• About this task:
Lines in the listing below containing the string "pairT" are to be identified and copied.

··· Data provided ···

Definition desc (zs : pt) (t : pairT) : R :=
  inf [set dist z zs | z in [set z | exists k, Kset t zs k /\ ~ Ctk t k z]].

Definition dsep (zs : pt) (t : pairT) : R :=
  inf [set dset zs (Ctk t k) | k in ~` Kset t zs].

Definition rt_primary (zs : pt) (t : pairT) : R :=
  Num.min (dsep zs t) (desc zs t).

Definition gfun (a b c d : R) : R := Num.norm ((a - b) + (c - d) / 2) / Num.sqrt 2.

(* Alternative choice of r_t; the number of active indices is always 1 or 2 at a common fixed
   point, the last branch is unreachable there. *)
Definition rt_alt (zs : pt) (t : pairT) : R :=
  let K := Kset t zs in
  let ii := (val t).1 in let jj := (val t).2 in
  if pselect (exists k, K = [set k]) then
    Num.min (dsep zs t) ((dsep zs t + desc zs t) / 2)
  else if pselect (exists k1 k2, k1 <> k2 /\ K = [set k1] `|` [set k2]) then
    Num.min (gfun (zs.1 ii) (zs.1 jj) (w ii) (w jj)) (gfun (zs.2 ii) (zs.2 jj) (h ii) (h jj))
  else rt_primary zs t.

Definition ball_pt (zs : pt) (r : R) : set pt := [set z | dist z zs < r].

Definition MAP_traj (lam : R) (z : nat -> pt) (tt : nat -> pairT) : Prop :=
  (forall n, Tmap lam (tt n) (z n) (z n.+1)) /\
  (forall (k : nat) (p : pairT), exists n,
      (k * #|{: pairT}| < n <= k.+1 * #|{: pairT}|)%N /\ tt n = p).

···

• Response for this exercise:
Definition desc (zs : pt) (t : pairT) : R :=
Definition dsep (zs : pt) (t : pairT) : R :=
Definition rt_primary (zs : pt) (t : pairT) : R :=
Definition rt_alt (zs : pt) (t : pairT) : R :=
Definition MAP_traj (lam : R) (z : nat -> pt) (tt : nat -> pairT) : Prop :=
  (forall (k : nat) (p : pairT), exists n,
      (k * #|{: pairT}| < n <= k.+1 * #|{: pairT}|)%N /\ tt n = p).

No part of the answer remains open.